Source data
::::

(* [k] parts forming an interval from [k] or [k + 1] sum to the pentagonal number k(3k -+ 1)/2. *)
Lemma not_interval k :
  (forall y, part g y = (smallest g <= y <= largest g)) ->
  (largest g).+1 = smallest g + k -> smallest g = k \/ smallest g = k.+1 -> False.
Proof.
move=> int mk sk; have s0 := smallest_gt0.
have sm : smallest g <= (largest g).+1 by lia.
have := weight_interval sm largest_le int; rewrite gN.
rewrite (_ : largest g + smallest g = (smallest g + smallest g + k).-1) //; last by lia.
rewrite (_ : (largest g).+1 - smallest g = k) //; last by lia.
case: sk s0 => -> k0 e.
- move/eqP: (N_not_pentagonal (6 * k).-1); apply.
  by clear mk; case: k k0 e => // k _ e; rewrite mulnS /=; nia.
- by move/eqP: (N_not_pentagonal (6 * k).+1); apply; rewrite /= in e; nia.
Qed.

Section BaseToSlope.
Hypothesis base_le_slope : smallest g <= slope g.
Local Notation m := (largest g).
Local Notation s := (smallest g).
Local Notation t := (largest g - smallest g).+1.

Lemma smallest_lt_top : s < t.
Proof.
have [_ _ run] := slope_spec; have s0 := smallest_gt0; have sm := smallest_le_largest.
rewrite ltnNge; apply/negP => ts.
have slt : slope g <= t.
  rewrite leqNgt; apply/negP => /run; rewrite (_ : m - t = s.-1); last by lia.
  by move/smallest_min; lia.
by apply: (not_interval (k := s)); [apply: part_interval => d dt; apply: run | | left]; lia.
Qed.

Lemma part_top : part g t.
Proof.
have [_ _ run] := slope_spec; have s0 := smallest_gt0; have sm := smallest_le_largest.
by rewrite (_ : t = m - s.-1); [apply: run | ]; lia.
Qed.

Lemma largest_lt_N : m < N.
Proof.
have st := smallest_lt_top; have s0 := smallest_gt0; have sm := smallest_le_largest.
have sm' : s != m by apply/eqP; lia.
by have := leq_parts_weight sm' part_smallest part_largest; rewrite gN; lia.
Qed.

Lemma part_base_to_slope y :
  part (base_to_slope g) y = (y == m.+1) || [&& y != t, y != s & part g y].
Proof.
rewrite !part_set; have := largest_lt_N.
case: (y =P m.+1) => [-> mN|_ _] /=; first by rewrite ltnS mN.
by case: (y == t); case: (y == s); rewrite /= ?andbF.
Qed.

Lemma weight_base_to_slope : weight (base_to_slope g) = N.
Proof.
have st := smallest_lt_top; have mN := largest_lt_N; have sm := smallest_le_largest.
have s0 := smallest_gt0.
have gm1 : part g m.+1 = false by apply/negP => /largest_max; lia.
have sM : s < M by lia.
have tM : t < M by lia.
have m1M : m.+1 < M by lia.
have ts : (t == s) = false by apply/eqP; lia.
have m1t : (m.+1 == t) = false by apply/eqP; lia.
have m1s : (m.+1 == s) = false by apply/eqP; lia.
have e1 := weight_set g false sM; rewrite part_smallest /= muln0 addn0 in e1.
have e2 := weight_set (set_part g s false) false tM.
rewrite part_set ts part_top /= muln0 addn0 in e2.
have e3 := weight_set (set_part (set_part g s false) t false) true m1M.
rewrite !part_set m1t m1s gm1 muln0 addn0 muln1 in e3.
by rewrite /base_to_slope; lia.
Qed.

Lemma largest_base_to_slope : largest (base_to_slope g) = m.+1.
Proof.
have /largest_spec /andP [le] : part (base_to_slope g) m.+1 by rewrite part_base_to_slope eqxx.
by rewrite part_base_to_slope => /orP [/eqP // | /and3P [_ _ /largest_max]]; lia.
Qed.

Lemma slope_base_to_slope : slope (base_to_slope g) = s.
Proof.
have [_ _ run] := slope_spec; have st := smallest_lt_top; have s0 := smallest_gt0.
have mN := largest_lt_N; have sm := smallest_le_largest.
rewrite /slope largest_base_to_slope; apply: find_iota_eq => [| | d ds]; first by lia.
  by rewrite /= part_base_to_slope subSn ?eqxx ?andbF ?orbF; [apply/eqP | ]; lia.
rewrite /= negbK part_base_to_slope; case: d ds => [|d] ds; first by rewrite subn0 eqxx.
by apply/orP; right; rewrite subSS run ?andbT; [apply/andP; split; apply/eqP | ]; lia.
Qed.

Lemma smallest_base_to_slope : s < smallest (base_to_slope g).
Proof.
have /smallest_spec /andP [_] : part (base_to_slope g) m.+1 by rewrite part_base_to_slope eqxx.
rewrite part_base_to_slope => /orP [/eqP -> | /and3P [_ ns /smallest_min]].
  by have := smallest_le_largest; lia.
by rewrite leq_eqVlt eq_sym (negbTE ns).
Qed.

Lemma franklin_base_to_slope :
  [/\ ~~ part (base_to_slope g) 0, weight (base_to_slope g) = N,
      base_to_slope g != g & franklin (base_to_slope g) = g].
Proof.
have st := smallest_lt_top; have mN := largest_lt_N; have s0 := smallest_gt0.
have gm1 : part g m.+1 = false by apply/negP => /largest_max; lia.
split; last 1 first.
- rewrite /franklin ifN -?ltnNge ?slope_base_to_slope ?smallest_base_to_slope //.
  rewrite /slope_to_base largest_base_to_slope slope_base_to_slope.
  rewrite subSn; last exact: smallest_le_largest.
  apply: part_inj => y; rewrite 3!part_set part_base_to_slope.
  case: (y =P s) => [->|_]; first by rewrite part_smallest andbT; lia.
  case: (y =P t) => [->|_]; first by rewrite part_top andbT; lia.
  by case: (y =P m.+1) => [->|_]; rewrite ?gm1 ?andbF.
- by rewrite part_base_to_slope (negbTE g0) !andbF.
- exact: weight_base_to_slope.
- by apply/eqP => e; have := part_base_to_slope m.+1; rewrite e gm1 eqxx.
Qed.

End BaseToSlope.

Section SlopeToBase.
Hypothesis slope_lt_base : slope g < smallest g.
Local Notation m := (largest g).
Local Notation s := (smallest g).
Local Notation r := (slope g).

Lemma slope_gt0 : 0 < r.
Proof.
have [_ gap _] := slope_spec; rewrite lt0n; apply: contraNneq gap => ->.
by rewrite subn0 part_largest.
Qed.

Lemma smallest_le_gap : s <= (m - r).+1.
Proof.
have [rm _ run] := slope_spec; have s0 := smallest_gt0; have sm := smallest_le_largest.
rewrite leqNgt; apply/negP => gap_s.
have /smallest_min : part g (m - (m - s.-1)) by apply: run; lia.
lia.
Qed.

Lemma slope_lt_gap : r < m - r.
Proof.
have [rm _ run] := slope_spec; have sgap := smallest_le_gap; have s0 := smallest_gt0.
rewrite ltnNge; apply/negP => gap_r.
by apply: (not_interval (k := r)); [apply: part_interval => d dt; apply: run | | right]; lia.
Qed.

::::

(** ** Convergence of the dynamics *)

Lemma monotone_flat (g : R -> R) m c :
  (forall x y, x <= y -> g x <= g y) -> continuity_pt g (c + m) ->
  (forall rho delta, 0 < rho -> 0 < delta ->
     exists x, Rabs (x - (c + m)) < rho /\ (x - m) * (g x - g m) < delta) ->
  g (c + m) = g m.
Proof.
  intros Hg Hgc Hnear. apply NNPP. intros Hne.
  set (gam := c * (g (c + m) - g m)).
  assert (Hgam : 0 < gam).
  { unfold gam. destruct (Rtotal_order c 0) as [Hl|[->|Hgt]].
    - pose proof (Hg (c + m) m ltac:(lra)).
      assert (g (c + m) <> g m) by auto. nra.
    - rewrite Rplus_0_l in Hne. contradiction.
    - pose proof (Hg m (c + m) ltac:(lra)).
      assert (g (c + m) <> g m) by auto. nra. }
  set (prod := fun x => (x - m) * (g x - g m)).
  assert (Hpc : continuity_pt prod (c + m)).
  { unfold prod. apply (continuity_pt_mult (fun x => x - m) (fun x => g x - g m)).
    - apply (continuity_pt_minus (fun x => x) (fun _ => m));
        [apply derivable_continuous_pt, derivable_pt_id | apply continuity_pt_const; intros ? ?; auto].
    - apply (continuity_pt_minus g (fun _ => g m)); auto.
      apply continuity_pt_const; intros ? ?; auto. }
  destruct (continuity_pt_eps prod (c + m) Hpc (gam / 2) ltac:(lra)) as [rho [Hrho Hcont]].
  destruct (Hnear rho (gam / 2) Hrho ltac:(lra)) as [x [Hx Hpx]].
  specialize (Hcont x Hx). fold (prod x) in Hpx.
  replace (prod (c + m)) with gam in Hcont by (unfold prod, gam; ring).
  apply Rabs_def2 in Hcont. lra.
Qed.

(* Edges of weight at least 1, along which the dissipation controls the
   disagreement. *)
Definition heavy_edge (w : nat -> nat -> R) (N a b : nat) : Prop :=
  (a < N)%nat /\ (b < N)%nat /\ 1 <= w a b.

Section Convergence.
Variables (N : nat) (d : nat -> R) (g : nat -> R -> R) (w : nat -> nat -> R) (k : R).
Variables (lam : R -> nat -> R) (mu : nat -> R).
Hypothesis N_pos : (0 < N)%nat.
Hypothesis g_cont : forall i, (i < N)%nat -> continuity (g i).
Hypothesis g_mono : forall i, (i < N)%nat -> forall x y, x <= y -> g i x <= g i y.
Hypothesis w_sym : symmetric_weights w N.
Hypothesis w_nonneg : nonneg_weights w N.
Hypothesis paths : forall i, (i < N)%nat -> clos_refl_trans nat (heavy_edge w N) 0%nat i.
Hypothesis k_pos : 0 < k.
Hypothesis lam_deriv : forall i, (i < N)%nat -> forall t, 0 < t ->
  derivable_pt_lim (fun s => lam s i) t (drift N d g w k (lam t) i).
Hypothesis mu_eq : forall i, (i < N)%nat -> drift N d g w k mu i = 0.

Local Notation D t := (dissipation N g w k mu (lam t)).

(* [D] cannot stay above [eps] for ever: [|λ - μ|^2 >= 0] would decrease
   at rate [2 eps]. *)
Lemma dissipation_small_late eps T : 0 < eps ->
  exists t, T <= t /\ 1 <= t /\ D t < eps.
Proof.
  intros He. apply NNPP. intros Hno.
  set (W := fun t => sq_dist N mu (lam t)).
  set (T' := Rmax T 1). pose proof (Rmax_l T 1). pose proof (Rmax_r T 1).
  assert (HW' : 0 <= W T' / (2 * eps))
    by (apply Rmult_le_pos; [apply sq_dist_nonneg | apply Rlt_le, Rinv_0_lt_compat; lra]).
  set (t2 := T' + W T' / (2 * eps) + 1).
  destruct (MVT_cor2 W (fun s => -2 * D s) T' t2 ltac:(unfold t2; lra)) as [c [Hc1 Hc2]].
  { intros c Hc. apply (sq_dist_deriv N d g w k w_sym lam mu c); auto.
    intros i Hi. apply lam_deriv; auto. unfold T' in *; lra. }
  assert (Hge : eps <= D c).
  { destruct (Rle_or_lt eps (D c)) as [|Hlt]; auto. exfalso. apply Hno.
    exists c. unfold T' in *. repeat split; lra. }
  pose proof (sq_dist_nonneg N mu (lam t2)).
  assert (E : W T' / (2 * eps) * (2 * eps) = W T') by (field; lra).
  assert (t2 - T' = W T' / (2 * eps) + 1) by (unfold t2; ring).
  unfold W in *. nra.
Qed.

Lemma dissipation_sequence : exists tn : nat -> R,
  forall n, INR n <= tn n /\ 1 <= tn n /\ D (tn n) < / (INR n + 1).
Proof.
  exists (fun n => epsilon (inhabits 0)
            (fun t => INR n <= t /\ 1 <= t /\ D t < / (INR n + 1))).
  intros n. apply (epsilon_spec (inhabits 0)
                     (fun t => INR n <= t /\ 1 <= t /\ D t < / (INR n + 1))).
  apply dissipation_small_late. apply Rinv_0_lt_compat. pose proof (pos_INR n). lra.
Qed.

::::

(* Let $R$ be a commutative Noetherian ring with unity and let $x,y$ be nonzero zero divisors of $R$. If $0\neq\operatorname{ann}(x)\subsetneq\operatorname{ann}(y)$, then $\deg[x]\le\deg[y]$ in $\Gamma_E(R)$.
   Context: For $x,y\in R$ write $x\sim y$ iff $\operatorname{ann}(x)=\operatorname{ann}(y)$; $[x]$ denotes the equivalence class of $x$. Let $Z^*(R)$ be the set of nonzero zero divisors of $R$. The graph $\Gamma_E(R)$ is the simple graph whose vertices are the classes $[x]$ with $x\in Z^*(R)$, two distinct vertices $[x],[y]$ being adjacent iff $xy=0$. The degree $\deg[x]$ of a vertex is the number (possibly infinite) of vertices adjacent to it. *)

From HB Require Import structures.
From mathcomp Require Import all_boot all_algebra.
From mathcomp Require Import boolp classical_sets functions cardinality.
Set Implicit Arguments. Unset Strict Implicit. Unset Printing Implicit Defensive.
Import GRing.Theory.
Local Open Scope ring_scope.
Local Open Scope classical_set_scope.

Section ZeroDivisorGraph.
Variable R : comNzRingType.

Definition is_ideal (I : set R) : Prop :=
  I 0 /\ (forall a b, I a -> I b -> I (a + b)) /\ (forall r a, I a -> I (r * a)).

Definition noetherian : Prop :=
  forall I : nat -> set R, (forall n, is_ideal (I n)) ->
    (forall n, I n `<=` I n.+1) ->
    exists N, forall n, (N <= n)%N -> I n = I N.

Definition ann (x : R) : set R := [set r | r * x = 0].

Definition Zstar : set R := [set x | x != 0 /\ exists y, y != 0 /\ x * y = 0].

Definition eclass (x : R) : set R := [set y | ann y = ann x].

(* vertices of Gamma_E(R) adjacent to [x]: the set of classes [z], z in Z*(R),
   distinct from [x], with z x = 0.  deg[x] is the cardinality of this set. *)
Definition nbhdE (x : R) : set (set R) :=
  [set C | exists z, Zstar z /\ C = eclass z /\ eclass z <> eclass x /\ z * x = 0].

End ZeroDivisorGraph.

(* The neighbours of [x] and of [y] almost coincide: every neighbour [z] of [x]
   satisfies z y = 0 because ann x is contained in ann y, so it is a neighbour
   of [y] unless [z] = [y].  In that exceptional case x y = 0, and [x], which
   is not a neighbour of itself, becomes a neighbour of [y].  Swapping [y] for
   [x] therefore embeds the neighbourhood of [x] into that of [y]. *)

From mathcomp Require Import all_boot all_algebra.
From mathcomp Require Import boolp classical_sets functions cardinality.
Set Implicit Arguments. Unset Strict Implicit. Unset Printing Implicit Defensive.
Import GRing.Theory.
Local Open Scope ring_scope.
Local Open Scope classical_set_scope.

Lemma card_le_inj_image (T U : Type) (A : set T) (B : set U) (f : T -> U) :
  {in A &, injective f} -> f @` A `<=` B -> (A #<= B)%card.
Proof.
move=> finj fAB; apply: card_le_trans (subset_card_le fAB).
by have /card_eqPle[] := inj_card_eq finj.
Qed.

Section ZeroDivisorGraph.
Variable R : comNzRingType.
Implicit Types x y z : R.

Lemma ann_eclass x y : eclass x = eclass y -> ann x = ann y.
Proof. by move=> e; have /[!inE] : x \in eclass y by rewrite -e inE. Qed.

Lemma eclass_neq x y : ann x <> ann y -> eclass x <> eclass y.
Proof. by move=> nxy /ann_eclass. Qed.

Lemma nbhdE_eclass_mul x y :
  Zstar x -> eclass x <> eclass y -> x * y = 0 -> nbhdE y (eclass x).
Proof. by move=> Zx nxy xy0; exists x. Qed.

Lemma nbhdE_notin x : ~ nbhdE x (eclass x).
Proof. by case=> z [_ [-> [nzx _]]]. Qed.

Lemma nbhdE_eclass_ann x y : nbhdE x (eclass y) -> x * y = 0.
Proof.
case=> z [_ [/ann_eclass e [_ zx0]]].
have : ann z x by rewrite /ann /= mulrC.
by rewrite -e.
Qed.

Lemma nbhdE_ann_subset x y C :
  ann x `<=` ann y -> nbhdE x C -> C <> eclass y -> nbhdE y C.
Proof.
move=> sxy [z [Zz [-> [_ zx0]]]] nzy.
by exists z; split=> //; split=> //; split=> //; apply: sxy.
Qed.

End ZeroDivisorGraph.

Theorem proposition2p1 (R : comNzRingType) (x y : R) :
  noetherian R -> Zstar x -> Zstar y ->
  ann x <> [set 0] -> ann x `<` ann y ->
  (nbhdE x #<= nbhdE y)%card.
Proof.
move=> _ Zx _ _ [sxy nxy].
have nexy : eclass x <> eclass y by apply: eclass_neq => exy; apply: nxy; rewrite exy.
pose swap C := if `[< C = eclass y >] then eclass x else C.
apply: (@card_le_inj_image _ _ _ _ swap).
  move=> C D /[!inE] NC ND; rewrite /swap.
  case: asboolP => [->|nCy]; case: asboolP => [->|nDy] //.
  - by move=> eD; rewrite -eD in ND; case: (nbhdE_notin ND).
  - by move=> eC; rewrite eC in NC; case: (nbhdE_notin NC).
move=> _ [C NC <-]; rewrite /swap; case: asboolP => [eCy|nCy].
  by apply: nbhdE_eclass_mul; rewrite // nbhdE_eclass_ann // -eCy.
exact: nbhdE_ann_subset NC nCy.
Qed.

::::

Exercise objective
Above are some records. Count the lines among them with the word "prod", and answer with the number only.

Answer
6